Later in 2016, the Amungee Northwest 1H well was spudded to begin a multistage fracture stimulation test, targeting the B Shale over a 1,000m horizontal section. The average production rate during the 57-day extended test was 1.1 million cubic feet of gas per day (MMcfg/d). Following this, Origin made a preliminary estimate of petroleum-in-place for the Velkerri B Shale Gas Pool, estimating that its acreage potentially held a gross original gas in-place volume of 496 trillion cubic feet of gas (Tcfg) and technically recoverable resources of 85 Tcfg (representing a 16% recovery/utilisation factor).
Figure 2: Origin Energy’s Beetaloo acreage with 2015-2016 well campaign
Potential Economic Impact
Further work in Origin’s campaign has stalled following a moratorium on fracking introduced on 14 September 2016 by the newly elected Labour party. Simultaneous to the moratorium, the party also commissioned a Scientific Inquiry into Hydraulic Fracturing in the Northern Territory. As part of this ongoing investigation, Origin illustrated that a large-scale project could potentially provide 400-500 terajoules of gas per day to the ECGM, based on a 400-500 well project spanning 20 years.
Further analysis in this example suggests that this could represent a life-cycle capital cost of greater than A$5.5 billion (~US$4.3 billion), based on an assumption of an average well cost of A$12 million (~US$9.4 million) and plant costs of A$5 million (~US$3.9 million) per annual PJ of capacity. Further to the additional long-term gas supply, the federal government and Northern Land Council would also benefit from revenues raised by royalties levied on production (which could be up to 12% and 1% respectively), and taxes including the Petroleum Resources Rent Tax, which is set at a rate of 40%, and the Corporation Tax, which ranges between 28.5% and 30%.
Origin’s exploration campaign is still in its infancy but has highlighted the possibility of significant unconventional potential in the Beetaloo Basin and perhaps beyond. This is further mirrored by other exploration companies and the US Energy Information Administration, which have suggested that the Velkerri shales may extend into the McArthur Basin, and that the technically recoverable shale resources in Australia could potentially be >400 Tcfg.

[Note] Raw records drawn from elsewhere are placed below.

Lemma sum_addz_evec (k : 'I_d -> int) m :
  \sum_(i < d) addz k (evec m) i = \sum_(i < d) k i + 1.
Proof. by rewrite big_split /= sum_evec. Qed.

Lemma sum_subz_evec (k : 'I_d -> int) m :
  \sum_(i < d) subz k (evec m) i = \sum_(i < d) k i - 1.
Proof. by rewrite sumrB sum_evec. Qed.

Lemma addz_evec_neq (k : 'I_d -> int) m l : l != m -> addz k (evec m) l = k l.
Proof. by rewrite /addz evecE => /negbTE ->; rewrite addr0. Qed.

Lemma subz_evec_neq (k : 'I_d -> int) m l : l != m -> subz k (evec m) l = k l.
Proof. by rewrite /subz evecE => /negbTE ->; rewrite subr0. Qed.

Lemma addz_evec_eq (k : 'I_d -> int) m : addz k (evec m) m = k m + 1.
Proof. by rewrite /addz evecE eqxx. Qed.

Lemma subz_evec_eq (k : 'I_d -> int) m : subz k (evec m) m = k m - 1.
Proof. by rewrite /subz evecE eqxx. Qed.

Definition omega (n : nat) (k : 'I_d -> int) : bool :=
  [forall l, 0 <= k l] && (\sum_(l < d) k l <= n%:Z).

Lemma omegaP n k :
  reflect ((forall l, 0 <= k l) /\ \sum_(l < d) k l <= n%:Z) (omega n k).
Proof. by apply: (iffP andP) => -[/forallP ? ?]; split=> //; apply/forallP. Qed.

Lemma omega_zidx n (q : 'I_d -> nat) : omega n (zidx q) = (norm1 q <= n)%N.
Proof.
rewrite /omega (_ : [forall l, 0 <= zidx q l]) //=; last by apply/forallP.
rewrite -lez_nat /norm1; congr (_ <= _).
by rewrite -natz natr_sum; apply: eq_bigr => l _; rewrite natz.
Qed.

Lemma omega_zero n (k : 'I_d -> int) : [forall l, k l == 0] -> omega n k.
Proof.
move=> /forallP k0; apply/omegaP; split => [l|]; first by rewrite (eqP (k0 l)).
by rewrite big1 // => l _; rewrite (eqP (k0 l)).
Qed.

Lemma omega_le n k l : omega n k -> 0 <= k l <= n%:Z.
Proof.
move=> /omegaP[k_ge0 sum_le]; rewrite k_ge0 /=; apply: le_trans sum_le.
by rewrite (bigD1 l) //= lerDl sumr_ge0.
Qed.

Lemma omega_leq n n' k : (n <= n')%N -> omega n k -> omega n' k.
Proof.
move=> le_nn' /omegaP[? sum_le]; apply/omegaP; split=> //.
by apply: le_trans sum_le _; rewrite lez_nat.
Qed.

Lemma omega_subz_evec n k m : omega n (subz k (evec m)) -> omega n.+1 k.
Proof.
move=> /omegaP[ge0 le]; apply/omegaP; split.
  by move=> l; have := ge0 l; rewrite /subz evecE; case: (l == m) => /=; lia.
(* [lia] only recognizes the big sum as an int atom once it is named *)
by move: le; rewrite sum_subz_evec; set s := \sum_(_ < d) _; lia.
Qed.

Lemma omega_addz_evec n k m :
  omega n.+1 (addz k (evec m)) -> k m != -1 -> omega n k.
Proof.
move=> /omegaP[ge0 le] km; apply/omegaP; split.
  move=> l; have := ge0 l; rewrite /addz evecE.
  by case: eqP => [->|_] /=; lia.
by move: le; rewrite sum_addz_evec; set s := \sum_(_ < d) _; lia.
Qed.

End MultiIndices.

Section LatticeSums.
Variables (R : realType) (d : nat).
Local Open Scope classical_set_scope.

(* Summation over Z^d of a finitely supported family (its value is 0 when the support is
   infinite); multi-indices are packed as {ffun 'I_d -> int} to get a choiceType. *)
Definition sumZd (F : ('I_d -> int) -> R) : R :=
  \sum_(k \in [set: {ffun 'I_d -> int}]) F k.

Definition supported (n : nat) (F : ('I_d -> int) -> R) : Prop :=
  forall k, ~~ omega n k -> F k = 0.

Lemma supported_omega n F k : supported n F -> F k != 0 -> omega n k.
Proof. by move=> F_supp; apply: contraNT => /F_supp/eqP. Qed.

Lemma sumZd_box n F : supported n F ->
  sumZd F = \sum_(j : {ffun 'I_d -> 'I_n.+1}) F (fun l => (j l)%:Z).
Proof.
move=> F_supp.
pose e (j : {ffun 'I_d -> 'I_n.+1}) : {ffun 'I_d -> int} := [ffun l => (j l)%:Z].
rewrite /sumZd (fsbigTE [fset e j | j in {ffun 'I_d -> 'I_n.+1}]%fset).
  rewrite big_imfset /=; last first.
  move=> j j' _ _ /ffunP eq_jj'; apply/ffunP => l; apply/val_inj.
  by have := eq_jj' l; rewrite !ffunE => -[].
  by rewrite big_enum /=; apply: eq_bigr => j _; congr F; apply/funext => l; rewrite ffunE.
move=> k k_notin; apply: F_supp; apply: contra k_notin => om.
apply/imfsetP; exists [ffun l => inord `|k l|%N] => //.
apply/ffunP => l; rewrite !ffunE inordK; last by have := omega_le l om; lia.
by have := omega_le l om; lia.
Qed.

Lemma sumZd_shift (s : 'I_d -> int) F : sumZd (fun k => F (addz k s)) = sumZd F.
Proof.
pose sh (t : 'I_d -> int) (k : {ffun 'I_d -> int}) := [ffun l => k l + t l].
have sh_bij : bijective (sh s).
  exists (sh (fun l => - s l)) => k; apply/ffunP => l; rewrite !ffunE ?addrK ?subrK //.
rewrite /sumZd [RHS](reindex_fsbigT _ _ sh_bij); apply: eq_fsbigr => k _.
by congr F; apply/funext => l; rewrite ffunE.
Qed.

Lemma sumZd_shiftN (s : 'I_d -> int) F : sumZd (fun k => F (subz k s)) = sumZd F.
Proof. exact: (sumZd_shift (fun l => - s l)). Qed.

Lemma sumZdZ a F : sumZd (fun k => a * F k) = a * sumZd F.
Proof. by rewrite /sumZd mulr_fsumr. Qed.

Lemma sumZdD n F G : supported n F -> supported n G ->
  sumZd (fun k => F k + G k) = sumZd F + sumZd G.
Proof.
move=> F_supp G_supp; rewrite !(@sumZd_box n) ?big_split // => k k_notin.
by rewrite F_supp ?G_supp ?addr0.
Qed.

Lemma sumZd_single (k0 : 'I_d -> int) c F :
  (forall k, F k != 0 -> k = k0) -> F k0 = c -> sumZd F = c.
Proof.
move=> F_supp <-; rewrite /sumZd (fsbigTE [fset [ffun l => k0 l]]%fset).
  by rewrite big_seq_fset1; congr F; apply/funext => l; rewrite ffunE.
move=> k; rewrite inE; apply: contraNeq => /F_supp k_k0.
by apply/eqP/ffunP => l; rewrite ffunE -k_k0.
Qed.

Lemma supported_le n n' F : (n <= n')%N -> supported n F -> supported n' F.
Proof.
by move=> le_nn' F_supp k k_notin; apply: F_supp; apply: contra k_notin; apply: omega_leq.
Qed.

Lemma supportedD n F G : supported n F -> supported n G -> supported n (fun k => F k + G k).
Proof. by move=> F_supp G_supp k k_notin; rewrite F_supp ?G_supp ?addr0. Qed.

Lemma supportedB n F G : supported n F -> supported n G -> supported n (fun k => F k - G k).
Proof. by move=> F_supp G_supp k k_notin; rewrite F_supp ?G_supp ?subr0. Qed.

Lemma supportedMl n a F : supported n F -> supported n (fun k => a k * F k).
Proof. by move=> F_supp k k_notin; rewrite F_supp ?mulr0. Qed.

Lemma supportedMr n F G : supported n F -> supported n (fun k => F k * G k).
Proof. by move=> F_supp k k_notin; rewrite F_supp ?mul0r. Qed.

Lemma supported_sum (I : finType) n (F : I -> ('I_d -> int) -> R) :
  (forall i, supported n (F i)) -> supported n (fun k => \sum_i F i k).
Proof. by move=> F_supp k k_notin; rewrite big1 // => i _; apply: F_supp. Qed.

Lemma supported_subz_evec n m F :
  supported n F -> supported n.+1 (fun k => F (subz k (evec m))).
Proof.
by move=> F_supp k k_notin; apply: F_supp; apply: contra k_notin; apply: omega_subz_evec.
Qed.
Lemma weights_lb y a : (forall i, 0 <= d i) ->
  0 < dot y (D ^+ 2 *m y) -> dot y (D ^+ 2 *m y) <= a * dot y (D *m y) ->
  exists i, d i != 0 /\ d i <= a.
Proof.
move=> d_ge0 y_gt0 le_ya.
suff /existsP [i /andP [di_neq0 le_da]] : [exists i, (d i != 0) && (d i <= a)].
  by exists i.
apply: contraTT y_gt0 => /existsPn gt_d.
have lt_ad i : d i != 0 -> a < d i.
  by move=> di_neq0; move: (gt_d i); rewrite di_neq0 -ltNge.
have terms_ge0 i : 0 <= d i * (d i - a) * F y i.
  have [->|di_neq0] := eqVneq (d i) 0; first by rewrite !mul0r.
  by rewrite !mulr_ge0 // subr_ge0 ltW // lt_ad.
have sum_le0 : \sum_i d i * (d i - a) * F y i <= 0.
  rewrite (eq_bigr (fun i => d i ^+ 2 * F y i - a * (d i * F y i)));
    last by move=> i _; ring.
  by rewrite sumrB -mulr_sumr -dot_exprE -dot_mulmx_weights subr_le0.
have terms_eq0 := psumr_le0_eq0 terms_ge0 sum_le0.
rewrite -leNgt dot_exprE big1 // => i _.
have [->|di_neq0] := eqVneq (d i) 0; first by rewrite expr2 !mul0r.
move/eqP: (terms_eq0 i).
rewrite !mulf_eq0 (negbTE di_neq0) subr_eq0 gt_eqF ?lt_ad //=.
by move/eqP ->; rewrite mulr0.
Qed.

End WeightBounds.

Section SymmetricSpectrum.
Variables (R : realType) (n : nat) (D : 'M[R]_n).
Hypothesis D_sym : D^T = D.

Lemma sym_eigenvector a : eigenvalue D a ->
  exists2 x : 'cV[R]_n, x != 0 & D *m x = a *: x.
Proof.
case/eigenvalueP => v vD v_neq0; exists v^T; first by rewrite trmx_eq0.
by rewrite -{1}D_sym -trmx_mul vD linearZ.
Qed.

Lemma sym_dot_mulmx2 y : dot (D *m y) (D *m y) = dot y (D ^+ 2 *m y).
Proof. by rewrite dot_mulmx D_sym dotC expr2 -mulmxE mulmxA. Qed.

Lemma sym_eigenvalue_ubound : has_ubound [set a | eigenvalue D a].
Proof.
have [d [F [_ F_ge0 dot_exprE]]] := sym_spectral_weights D_sym.
exists (\big[Order.max/0]_i d i) => a /sym_eigenvector [x x_neq0 Dx].
have [|i le_ad] := weights_ub F_ge0 dot_exprE (dot_gt0 x_neq0) (a := a).
  by rewrite Dx dotZr.
by apply: le_trans le_ad _; apply: le_bigmax.
Qed.

Lemma sym_rayleigh_ub x a : x != 0 -> a * dot x x <= dot x (D *m x) ->
  exists2 b, eigenvalue D b & a <= b.
Proof.
move=> x_neq0 le_ax; have [d [F [d_eig F_ge0 dot_exprE]]] := sym_spectral_weights D_sym.
have [i le_ad] := weights_ub F_ge0 dot_exprE (dot_gt0 x_neq0) le_ax.
by exists (d i).
Qed.

End SymmetricSpectrum.

Section PsdSpectrum.
Variables (R : realType) (n : nat) (D : 'M[R]_n).
Hypothesis D_psd : psd D.
Let D_sym : D^T = D := D_psd.1.

Lemma psd_eigenvalue_ge0 a : eigenvalue D a -> 0 <= a.
Proof.
case/(sym_eigenvector D_sym) => x x_neq0 Dx.
by have := D_psd.2 x; rewrite qformE Dx dotZr pmulr_lge0 // dot_gt0.
Qed.

Lemma psd_rayleigh_lb y a : D *m y != 0 ->
  dot (D *m y) (D *m y) <= a * dot y (D *m y) ->
  exists2 b, eigenvalue D b /\ b != 0 & b <= a.
Proof.
move=> Dy_neq0; rewrite sym_dot_mulmx2 // => le_ay.
have [d [F [d_eig F_ge0 dot_exprE]]] := sym_spectral_weights D_sym.
have d_ge0 i : 0 <= d i := psd_eigenvalue_ge0 (d_eig i).
have Dy_gt0 : 0 < dot y (D ^+ 2 *m y) by rewrite -sym_dot_mulmx2 // dot_gt0.
have [i [di_neq0 le_da]] := weights_lb F_ge0 dot_exprE d_ge0 Dy_gt0 le_ay.
by exists (d i).
Qed.

Lemma psd_nz_eigenvalue_lbound :
  exists2 m, 0 < m & forall a, eigenvalue D a -> a != 0 -> m <= a.
Proof.
have [d [F [d_eig F_ge0 dot_exprE]]] := sym_spectral_weights D_sym.
have d_ge0 i : 0 <= d i := psd_eigenvalue_ge0 (d_eig i).
exists (\big[Order.min/1]_(i | d i != 0) d i).
  by apply: lt_bigmin => // i di_neq0; rewrite lt_def di_neq0 d_ge0.
move=> a /(sym_eigenvector D_sym) [x x_neq0 Dx] a_neq0.
have Dx_gt0 : 0 < dot x (D ^+ 2 *m x).
  by rewrite -sym_dot_mulmx2 // dot_gt0 // Dx scaler_eq0 negb_or a_neq0.
have [|i [di_neq0 le_da]] := weights_lb F_ge0 dot_exprE d_ge0 Dx_gt0 (a := a).
  by rewrite -sym_dot_mulmx2 // Dx dotZl !dotZr.
by apply: le_trans le_da; apply: bigmin_le_cond.
Qed.

Local Open Scope classical_set_scope.

Lemma psd_lambda_min_nz_ge0 : 0 <= lambda_min_nz D.
Proof.
rewrite /lambda_min_nz; set S := [set a | _].
have [->|/set0P S_ne] := eqVneq S set0; first by rewrite inf0.
by apply: lb_le_inf => // a [Da _]; exact: psd_eigenvalue_ge0 Da.
Qed.

End PsdSpectrum.

Section PsdDowndate.
Variables (R : realType) (n : nat) (D : 'M[R]_n) (u : 'cV[R]_n).
Hypotheses (D_psd : psd D) (Du_gt0 : 0 < qform D u).

Local Notation E := (wedderburn_update D u u^T).
Local Notation c := (qform D u).

Let D_sym : D^T = D := D_psd.1.
Let c_neq0 : c != 0 := lt0r_neq0 Du_gt0.

Let mulmx_downdate x : E *m x = D *m x - (c^-1 * dot u (D *m x)) *: (D *m u).
Proof. by rewrite wedderburn_updateE /dot mulmxA. Qed.

Lemma downdate_sym : E^T = E.
Proof.
rewrite /wedderburn_update linearB linearZ /= !trmx_mul trmxK D_sym.
by rewrite !mulmxA.
Qed.

Lemma downdate_form_le x : dot x (E *m x) <= dot x (D *m x).
Proof.
rewrite mulmx_downdate dotBr dotZr gerBl dot_mulmx D_sym dotC -mulrA.
by apply: mulr_ge0; [rewrite invr_ge0 ltW | rewrite -expr2 sqr_ge0].
Qed.

Lemma downdate_eigenvalue0 : eigenvalue E 0.
Proof.
apply/eigenvalueP; exists u^T; first by rewrite scale0r mulmx_wedderburn_update.
by apply: contraTneq Du_gt0; rewrite /qform => ->; rewrite !mul0mx mxE ltxx.
Qed.

Lemma downdate_eigenvector_preimage a x : a != 0 -> E *m x = a *: x ->
  exists y, D *m y = x /\ a * dot y x = dot x x.
Proof.
move=> a_neq0 Ex.
have ux0 : dot u x = 0.
  have /eqP : a * dot u x = 0.
    by rewrite -dotZr -Ex /dot mulmxA mulmx_wedderburn_update // mul0mx mxE.
  by rewrite mulf_eq0 (negbTE a_neq0) => /eqP.
pose y := a^-1 *: (x - (c^-1 * dot u (D *m x)) *: u).
exists y; split.
  by rewrite -scalemxAr mulmxBr -scalemxAr -mulmx_downdate Ex scalerA mulVf ?scale1r.
by rewrite dotZl dotBl dotZl ux0 mulr0 subr0 mulrA mulfV ?mul1r.
Qed.

Local Open Scope classical_set_scope.

Lemma lambda_max_downdate_le : 0 <= lambda_max E <= lambda_max D.
Proof.
have [M ubM] := sym_eigenvalue_ubound D_sym.
have dominated : [set a | eigenvalue E a] `<=` down [set b | eigenvalue D b].
  move=> a /(sym_eigenvector downdate_sym) [x x_neq0 Ex]; apply/downP.
  have [|b Db le_ab] := sym_rayleigh_ub D_sym x_neq0 (a := a).
    by rewrite -dotZr -Ex downdate_form_le.
  by exists b.
have /downP [b Db _] := dominated 0 downdate_eigenvalue0.
have supD : has_sup [set b | eigenvalue D b] by split; [exists b | exists M].
apply/andP; split.
  apply: ub_le_sup downdate_eigenvalue0.
  by exists M => a /dominated /downP [b' Db' le_ab']; exact: le_trans le_ab' (ubM _ Db').
by apply: sup_le dominated _ supD; exists 0; exact: downdate_eigenvalue0.
Qed.

Lemma lambda_min_nz_downdate_ge : [set a | eigenvalue E a /\ a != 0] !=set0 ->
  0 < lambda_min_nz D <= lambda_min_nz E.
Proof.
case=> a0 [Ea0 a0_neq0].
have dominated a : eigenvalue E a -> a != 0 ->
    exists2 b, eigenvalue D b /\ b != 0 & b <= a.
  move=> /(sym_eigenvector downdate_sym) [x x_neq0 Ex] a_neq0.
  have [y [Dy ayx]] := downdate_eigenvector_preimage a_neq0 Ex.
  by apply: (psd_rayleigh_lb D_psd (y := y)); rewrite Dy // ayx.
have [m m_gt0 lb_m] := psd_nz_eigenvalue_lbound D_psd.
have [b0 Db0 _] := dominated a0 Ea0 a0_neq0.
have lbD : has_lbound [set b | eigenvalue D b /\ b != 0].
  by exists m => b [Db b_neq0]; exact: lb_m.
apply/andP; split.
  by apply: lt_le_trans m_gt0 (lb_le_inf _ _); [exists b0 | move=> b [Db /(lb_m _ Db)]].
apply: lb_le_inf; first by exists a0.
move=> a [Ea a_neq0]; have [b Db le_ba] := dominated a Ea a_neq0.
exact: le_trans (ge_inf lbD Db) le_ba.
Qed.

Lemma kappa_downdate_le : kappa E <= kappa D.
Proof.
rewrite /kappa; have /andP [sE_ge0 le_sE] := lambda_max_downdate_le.
have iD_ge0 := psd_lambda_min_nz_ge0 D_psd.
(* Without nonzero eigenvalues, lambda_min_nz E = inf set0 = 0, so kappa E = 0. *)
have [SE0|/set0P SE_ne] := eqVneq [set a | eigenvalue E a /\ a != 0] set0.
  rewrite /lambda_min_nz SE0 inf0 invr0 mulr0.
  by rewrite divr_ge0 // (le_trans sE_ge0 le_sE).
have /andP [iD_gt0 le_iD] := lambda_min_nz_downdate_ge SE_ne.
apply: ler_pM => //; first by rewrite invr_ge0 (le_trans iD_ge0 le_iD).
by rewrite lef_pV2 ?posrE // (lt_le_trans iD_gt0 le_iD).
Qed.

End PsdDowndate.

Lemma SR1_subE (R : realType) n (A G : 'M[R]_n) (u : 'cV[R]_n) :
  0 < qform (G - A) u -> SR1 A G u - A = wedderburn_update (G - A) u u^T.
Proof.
move=> Du_gt0; rewrite /SR1 ifN; first by rewrite addrAC.
by apply: contraTneq Du_gt0; rewrite qformE => ->; rewrite /dot mulmx0 mxE ltxx.
Qed.

Theorem lemma3 (R : realType) (n : nat) (A G : 'M[R]_n) (u : 'cV[R]_n) :
  posdef A -> posdef G -> loewner_le A G -> 0 < qform (G - A) u ->
  \rank (SR1 A G u - A) = (\rank (G - A)).-1 :> nat /\
  kappa (SR1 A G u - A) <= kappa (G - A).
Proof.
move=> _ _ GA_psd GAu_gt0; rewrite SR1_subE //; split.
  exact: mxrank_wedderburn_update (lt0r_neq0 GAu_gt0).
exact: kappa_downdate_le.
Qed.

A resource this large is difficult to overlook, and with the Northern Gas Pipeline (scheduled for completion in late 2018) providing a possible transport route to the ECGM, it seems unlikely that these resources will remain undeveloped indefinitely. However, with the moratoriums and bans on fracking currently in place, and the long lead time from exploration to production, it seems remote that any progress made will remedy the forecasted gas shortage in 2018. The federal government has recognised that this legislation is exacerbating the current ECGM situation and is considering imposing penalties on states (through the redistribution of Goods & Services Tax receipts) that do not favour approving development plans based on an individual project basis.
Additionally, the federal government is also reviewing royalty options for landowners to incentivise exploration. A lifting of the moratoriums and bans may also help to boost the declining gas supply by increasing the number of final investment decisions taken, however this is also a function of the oil price, which is currently stunting the economic viability of some projects. To fully re-balance the market, the government also needs to address issues on the demand side. To achieve this, it may impose export limits on the three LNG projects, however this has been deemed as a temporary measure.